Your answer must hold only the lines below from the line containing "Lemma pr_gt0 (X" through the line containing "Proof. by rewrite /pr probability_setT. Qed.", each reproduced exactly.

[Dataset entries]
▼▼▼

(* Let $A, C, D$ be binary random variables, with $A$ taking values $a,\overline{a}$, $C$ taking values $c,\overline{c}$, $D$ taking values $d,\overline{d}$, and let $Y$ be a real random variable with finite expectation. Suppose the joint distribution factorizes as \[ p(A,C,D,Y)=p(D)\,p(C\mid D)\,p(A\mid C)\,p(Y\mid A,C). \] Assume that $C$ and $D$ are dependent, and that every event $\{A=x, C=y, D=z\}$ has positive probability. If $E[Y\mid A,D]$ and $E[A\mid D]$ are both nondecreasing or both nonincreasing in $D$, then $RD_{obs}\ge RD_{true}$. If $E[Y\mid A,D]$ and $E[A\mid D]$ are one nondecreasing and the other nonincreasing in $D$, then $RD_{obs}\le RD_{true}$.
   Context: $RD_{true}=E[Y|a,c]p(c)+E[Y|a,\overline{c}]p(\overline{c})-E[Y|\overline{a},c]p(c)-E[Y|\overline{a},\overline{c}]p(\overline{c})$; $RD_{obs}=E[Y|a,d]p(d)+E[Y|a,\overline{d}]p(\overline{d})-E[Y|\overline{a},d]p(d)-E[Y|\overline{a},\overline{d}]p(\overline{d})$. $E[Y\mid A,D]$ is nondecreasing in $D$ if $E[Y\mid a,d]\ge E[Y\mid a,\overline{d}]$ and $E[Y\mid \overline{a},d]\ge E[Y\mid \overline{a},\overline{d}]$, nonincreasing if both are reversed. With $a=1,\overline{a}=0$, $E[A\mid D]=p(a\mid D)$ is nondecreasing in $D$ if $p(a\mid d)\ge p(a\mid\overline{d})$ and nonincreasing if $p(a\mid d)\le p(a\mid\overline{d})$. *)

From HB Require Import structures.
From mathcomp Require Import all_boot all_order all_algebra.
From mathcomp Require Import all_classical all_reals.
From mathcomp Require Import ereal topology normedtype sequences measure
  lebesgue_measure lebesgue_integral probability.

Set Implicit Arguments.
Unset Strict Implicit.
Unset Printing Implicit Defensive.
Import Order.TTheory GRing.Theory Num.Theory.
Local Open Scope classical_set_scope.
Local Open Scope ring_scope.

Section Defs.
Context {d : measure_display} {T : measurableType d} {R : realType}.
Variable P : probability T R.

(* A binary random variable is represented by the event where it takes
   its "first" value (a, c, d); [ev S b] is the event {X = x} with
   x = first value when b = true and x = second value (bar) when b = false. *)
Definition ev (S : set T) (b : bool) : set T := if b then S else ~` S.

Definition pr (E : set T) : R := fine (P E).

Definition cpr (E F : set T) : R := pr (E `&` F) / pr F.

Definition cexp (Y : T -> R) (F : set T) : R :=
  fine (\int[P]_(x in F) (Y x)%:E) / pr F.

Definition RD_true (A C : set T) (Y : T -> R) : R :=
  cexp Y (ev A true `&` ev C true) * pr (ev C true)
  + cexp Y (ev A true `&` ev C false) * pr (ev C false)
  - cexp Y (ev A false `&` ev C true) * pr (ev C true)
  - cexp Y (ev A false `&` ev C false) * pr (ev C false).

Definition RD_obs (A D : set T) (Y : T -> R) : R :=
  cexp Y (ev A true `&` ev D true) * pr (ev D true)
  + cexp Y (ev A true `&` ev D false) * pr (ev D false)
  - cexp Y (ev A false `&` ev D true) * pr (ev D true)
  - cexp Y (ev A false `&` ev D false) * pr (ev D false).

Definition EY_AD_nondecr (A D : set T) (Y : T -> R) : Prop :=
  cexp Y (ev A true `&` ev D true) >= cexp Y (ev A true `&` ev D false) /\
  cexp Y (ev A false `&` ev D true) >= cexp Y (ev A false `&` ev D false).
Definition EY_AD_nonincr (A D : set T) (Y : T -> R) : Prop :=
  cexp Y (ev A true `&` ev D true) <= cexp Y (ev A true `&` ev D false) /\
  cexp Y (ev A false `&` ev D true) <= cexp Y (ev A false `&` ev D false).

(* E[A | D] = p(a | D) (with a = 1, abar = 0) nondecreasing / nonincreasing *)
Definition EA_D_nondecr (A D : set T) : Prop :=
  cpr (ev A true) (ev D true) >= cpr (ev A true) (ev D false).
Definition EA_D_nonincr (A D : set T) : Prop :=
  cpr (ev A true) (ev D true) <= cpr (ev A true) (ev D false).

Definition factorizes (A C D : set T) (Y : T -> R) : Prop :=
  forall (x y z : bool) (B : set R), measurable B ->
    pr (ev A x `&` ev C y `&` ev D z `&` Y @^-1` B) =
    pr (ev D z) * cpr (ev C y) (ev D z) * cpr (ev A x) (ev C y)
      * cpr (Y @^-1` B) (ev A x `&` ev C y).

Definition dependent (C D : set T) : Prop :=
  P (C `&` D) <> (P C * P D)%E.

End Defs.

(* Write q for the joint law of (C, D), s y := p(a | C = y) and m x y := E[Y | A = x, C = y];
   the factorization gives p(A = x, C = y, D = z) = q(y, z) p(A = x | C = y).  With
   Δ := q(c,d) q(c̄,d̄) - q(c,d̄) q(c̄,d), nonzero since C and D are dependent, one computes
   that E[Y | x, d] - E[Y | x, d̄] is a positive multiple of Δ (m x c - m x c̄), that
   p(a | d) - p(a | d̄) is a positive multiple of Δ (s c - s c̄), and that RD_obs - RD_true is
   a nonnegative combination of the products (s c - s c̄)(m x c - m x c̄).  Multiplying the
   two D-differences therefore cancels Δ² and leaves the sign of these products.  The only
   measure-theoretic input is that, given A = x and C = y, the law of Y does not depend
   on D, so the integral of Y over a cell is p(cell) m x y. *)

From mathcomp Require Import all_boot all_order all_algebra.
From mathcomp Require Import all_classical all_reals.
From mathcomp Require Import ereal topology normedtype sequences measure
  lebesgue_measure lebesgue_integral probability measurable_realfun numfun.
From mathcomp Require Import ring lra.
Set Implicit Arguments.
Unset Strict Implicit.
Unset Printing Implicit Defensive.
Import Order.TTheory GRing.Theory Num.Theory.
Local Open Scope classical_set_scope.
Local Open Scope ring_scope.

Section BinaryModel.
Variable R : realFieldType.
(* [pCD y z] = p(C = y, D = z), [pa_C y] = p(a | C = y), [EY_AC x y] = E[Y | A = x, C = y];
   [cell x y z] is then p(A = x, C = y, D = z) under the factorization. *)
Variables (pCD : bool -> bool -> R) (pa_C : bool -> R) (EY_AC : bool -> bool -> R).

Definition pA_C (x y : bool) : R := if x then pa_C y else 1 - pa_C y.
Definition cell (x y z : bool) : R := pCD y z * pA_C x y.
Definition pAD (x z : bool) : R := cell x true z + cell x false z.
Definition pC (y : bool) : R := pCD y true + pCD y false.
Definition pD (z : bool) : R := pCD true z + pCD false z.
Definition pa_D (z : bool) : R := pAD true z / pD z.
Definition EY_AD (x z : bool) : R :=
  (EY_AC x true * cell x true z + EY_AC x false * cell x false z) / pAD x z.

Definition rd_obs : R := EY_AD true true * pD true + EY_AD true false * pD false
  - EY_AD false true * pD true - EY_AD false false * pD false.
Definition rd_true : R := EY_AC true true * pC true + EY_AC true false * pC false
  - EY_AC false true * pC true - EY_AC false false * pC false.

Definition pCD_det : R := pCD true true * pCD false false - pCD true false * pCD false true.

Lemma pCD_detE : pC true + pC false = 1 -> pCD_det = pCD true true - pC true * pD true.
Proof.
move=> total1; apply/eqP; rewrite -subr_eq0.
have -> : pCD_det - (pCD true true - pC true * pD true) =
    pCD true true * (pC true + pC false - 1) by rewrite /pCD_det /pC /pD; ring.
by rewrite total1 subrr mulr0.
Qed.

Hypotheses (pCD_gt0 : forall y z, 0 < pCD y z)
  (pa_C_gt0 : forall y, 0 < pa_C y) (pa_C_lt1 : forall y, pa_C y < 1).

Lemma pA_C_gt0 x y : 0 < pA_C x y.
Proof. by case: x; rewrite /pA_C ?subr_gt0. Qed.

Lemma pAD_gt0 x z : 0 < pAD x z.
Proof. by rewrite addr_gt0 // mulr_gt0 // pA_C_gt0. Qed.

Lemma pD_gt0 z : 0 < pD z.
Proof. exact: addr_gt0. Qed.

Definition comono_AC (x : bool) : R :=
  (pa_C true - pa_C false) * (EY_AC x true - EY_AC x false).

Definition comono_AD (x : bool) : R :=
  (EY_AD x true - EY_AD x false) * (pa_D true - pa_D false).

Definition gap_weight (x : bool) : R :=
  pCD true true * pCD false true / pAD x true + pCD true false * pCD false false / pAD x false.

Definition comono_weight (x : bool) : R :=
  pCD_det ^+ 2 * (pA_C x true * pA_C x false / (pAD x true * pAD x false * (pD true * pD false))).

Lemma gap_weight_ge0 x : 0 <= gap_weight x.
Proof. by rewrite addr_ge0 // divr_ge0 ?mulr_ge0 ?ltW ?pAD_gt0. Qed.

Lemma comono_weight_gt0 x : pCD_det != 0 -> 0 < comono_weight x.
Proof.
move=> det_neq0; rewrite mulr_gt0 ?exprn_even_gt0 ?det_neq0 ?orbT //.
by rewrite divr_gt0 ?mulr_gt0 ?pA_C_gt0 ?pAD_gt0 ?pD_gt0.
Qed.

Lemma rd_obs_subr_true :
  rd_obs - rd_true = comono_AC true * gap_weight true + comono_AC false * gap_weight false.
Proof.
have := pAD_gt0 true true; have := pAD_gt0 true false.
have := pAD_gt0 false true; have := pAD_gt0 false false.
have := pD_gt0 true; have := pD_gt0 false.
rewrite /rd_obs /rd_true /comono_AC /gap_weight /EY_AD /pAD /cell /pA_C /pC /pD => ? ? ? ? ? ?.
by field; rewrite !lt0r_neq0.
Qed.

Lemma comono_ADE x : comono_AD x = comono_AC x * comono_weight x.
Proof.
have := pAD_gt0 x true; have := pAD_gt0 x false.
have := pAD_gt0 true true; have := pAD_gt0 true false.
have := pD_gt0 true; have := pD_gt0 false.
rewrite /comono_AD /comono_AC /comono_weight /EY_AD /pa_D /pCD_det /pAD /cell /pD.
case: x => /= ? ? ? ? ? ?; field; rewrite !lt0r_neq0 //.
Qed.

Section Comonotone.
Hypothesis det_neq0 : pCD_det != 0.

Lemma rd_true_le_obs : (forall x, 0 <= comono_AD x) -> rd_true <= rd_obs.
Proof.
move=> comono; have comono_AC_ge0 x : 0 <= comono_AC x.
  by have := comono x; rewrite comono_ADE pmulr_lge0 // comono_weight_gt0.
by rewrite -subr_ge0 rd_obs_subr_true addr_ge0 // mulr_ge0 // gap_weight_ge0.
Qed.

Lemma rd_obs_le_true : (forall x, comono_AD x <= 0) -> rd_obs <= rd_true.
Proof.
move=> antimono; have comono_AC_le0 x : comono_AC x <= 0.
  by have := antimono x; rewrite comono_ADE pmulr_lle0 // comono_weight_gt0.
rewrite -subr_le0 rd_obs_subr_true.
have := mulr_le0_ge0 (comono_AC_le0 true) (gap_weight_ge0 true).
have := mulr_le0_ge0 (comono_AC_le0 false) (gap_weight_ge0 false).
lra.
Qed.

End Comonotone.
End BinaryModel.

Section pushforward_restr.
Local Open Scope ereal_scope.
Context d (T : measurableType d) (R : realType) (P : {measure set T -> \bar R}).
Variables (Y : T -> R) (E : set T).
Hypotheses (mY : measurable_fun setT Y) (mE : measurable E).

Lemma ge0_integral_pushforward_restr (g : R -> \bar R) :
  measurable_fun setT g -> (forall r, 0 <= g r) ->
  \int[P]_(t in E) g (Y t) = \int[pushforward (mrestr P mE) Y]_(r in setT) g r.
Proof.
move=> mg g0; have mCE := measurableC mE.
rewrite [RHS]ge0_integral_pushforward // preimage_setT.
rewrite -(setUv E) integral_setU //; last 2 first.
- by rewrite setUv; apply: measurableT_comp.
- by rewrite /disj_set setICr.
rewrite (null_set_integral (mu := mrestr P mE) (N := ~` E)) //; last 2 first.
- exact/measurable_funTS/measurableT_comp.
- by change (P (~` E `&` E) = 0); rewrite setICl measure0.
rewrite adde0; apply: eq_measure_integral => B mB BE.
by change (P B = P (B `&` E)); rewrite setIidl.
Qed.

End pushforward_restr.

Section law_scale.
Local Open Scope ereal_scope.
Context d (T : measurableType d) (R : realType) (P : {measure set T -> \bar R}).
Variables (Y : T -> R) (E F : set T) (k : R).
Hypotheses (mY : measurable_fun setT Y) (mE : measurable E) (mF : measurable F).
Hypotheses (k_ge0 : (0 <= k)%R)
  (law_scale : forall B, measurable B -> P (Y @^-1` B `&` E) = k%:E * P (Y @^-1` B `&` F)).

Lemma ge0_integral_law_scale (g : R -> \bar R) :
  measurable_fun setT g -> (forall r, 0 <= g r) ->
  \int[P]_(t in E) g (Y t) = k%:E * \int[P]_(t in F) g (Y t).
Proof.
move=> mg g0; rewrite (ge0_integral_pushforward_restr P mY mE) //.
rewrite (ge0_integral_pushforward_restr P mY mF) //.
rewrite -[k]/((NngNum k_ge0)%:num) -ge0_integral_mscale //.
by apply: eq_measure_integral => B mB _; exact: law_scale.
Qed.

Lemma integral_law_scale : P.-integrable F (fun t => (Y t)%:E) ->
  \int[P]_(t in E) (Y t)%:E = k%:E * \int[P]_(t in F) (Y t)%:E.
Proof.
move=> iF; have mEFin : measurable_fun [set: R] (@EFin R) by exact: EFin_measurable.
have posE : funepos (fun t => (Y t)%:E) = funepos (@EFin R) \o Y.
  by apply/funext => t /=; rewrite !funeposE.
have negE : funeneg (fun t => (Y t)%:E) = funeneg (@EFin R) \o Y.
  by apply/funext => t /=; rewrite !funenegE.
rewrite integralE [in RHS]integralE posE negE.
rewrite (ge0_integral_law_scale (measurable_funepos mEFin) (funepos_ge0 _)).
rewrite (ge0_integral_law_scale (measurable_funeneg mEFin) (funeneg_ge0 _)).
rewrite [RHS]muleBr //; apply: fin_num_adde_defl; rewrite fin_numN -negE.
exact: (integrable_fin_num mF (integrable_funeneg mF iF)).
Qed.

End law_scale.

Section probability_events.
Context d (T : measurableType d) (R : realType) (P : probability T R).

Lemma measurable_ev (S : set T) b : measurable S -> measurable (ev S b).
Proof. by case: b => mS //=; exact: measurableC. Qed.

Lemma prE (X : set T) : measurable X -> (pr P X)%:E = P X.
Proof. by move=> mX; rewrite /pr fineK // fin_num_measure. Qed.

Lemma pr_gt0 (X : set T) : measurable X -> (0 < P X)%E -> 0 < pr P X.
Proof. by move=> mX PX_gt0; apply: fine_gt0; rewrite PX_gt0 /= ltey_eq fin_num_measure. Qed.

Lemma pr_setT : pr P setT = 1.
Proof. by rewrite /pr probability_setT. Qed.

Lemma pr_split_ev (X S : set T) : measurable X -> measurable S ->
  pr P X = pr P (X `&` ev S true) + pr P (X `&` ev S false).
Proof.
move=> mX mS; have mXS b : measurable (X `&` ev S b).
  by apply: measurableI => //; exact: measurable_ev.
apply: EFin_inj; rewrite EFinD !prE // -measureU //.
  by rewrite -setIUr setUv setIT.
by rewrite setIACA setICr setI0.
Qed.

▲▲▲

## Task output
Lemma pr_gt0 (X : set T) : measurable X -> (0 < P X)%E -> 0 < pr P X.
Proof. by move=> mX PX_gt0; apply: fine_gt0; rewrite PX_gt0 /= ltey_eq fin_num_measure. Qed.

Lemma pr_setT : pr P setT = 1.
Proof. by rewrite /pr probability_setT. Qed.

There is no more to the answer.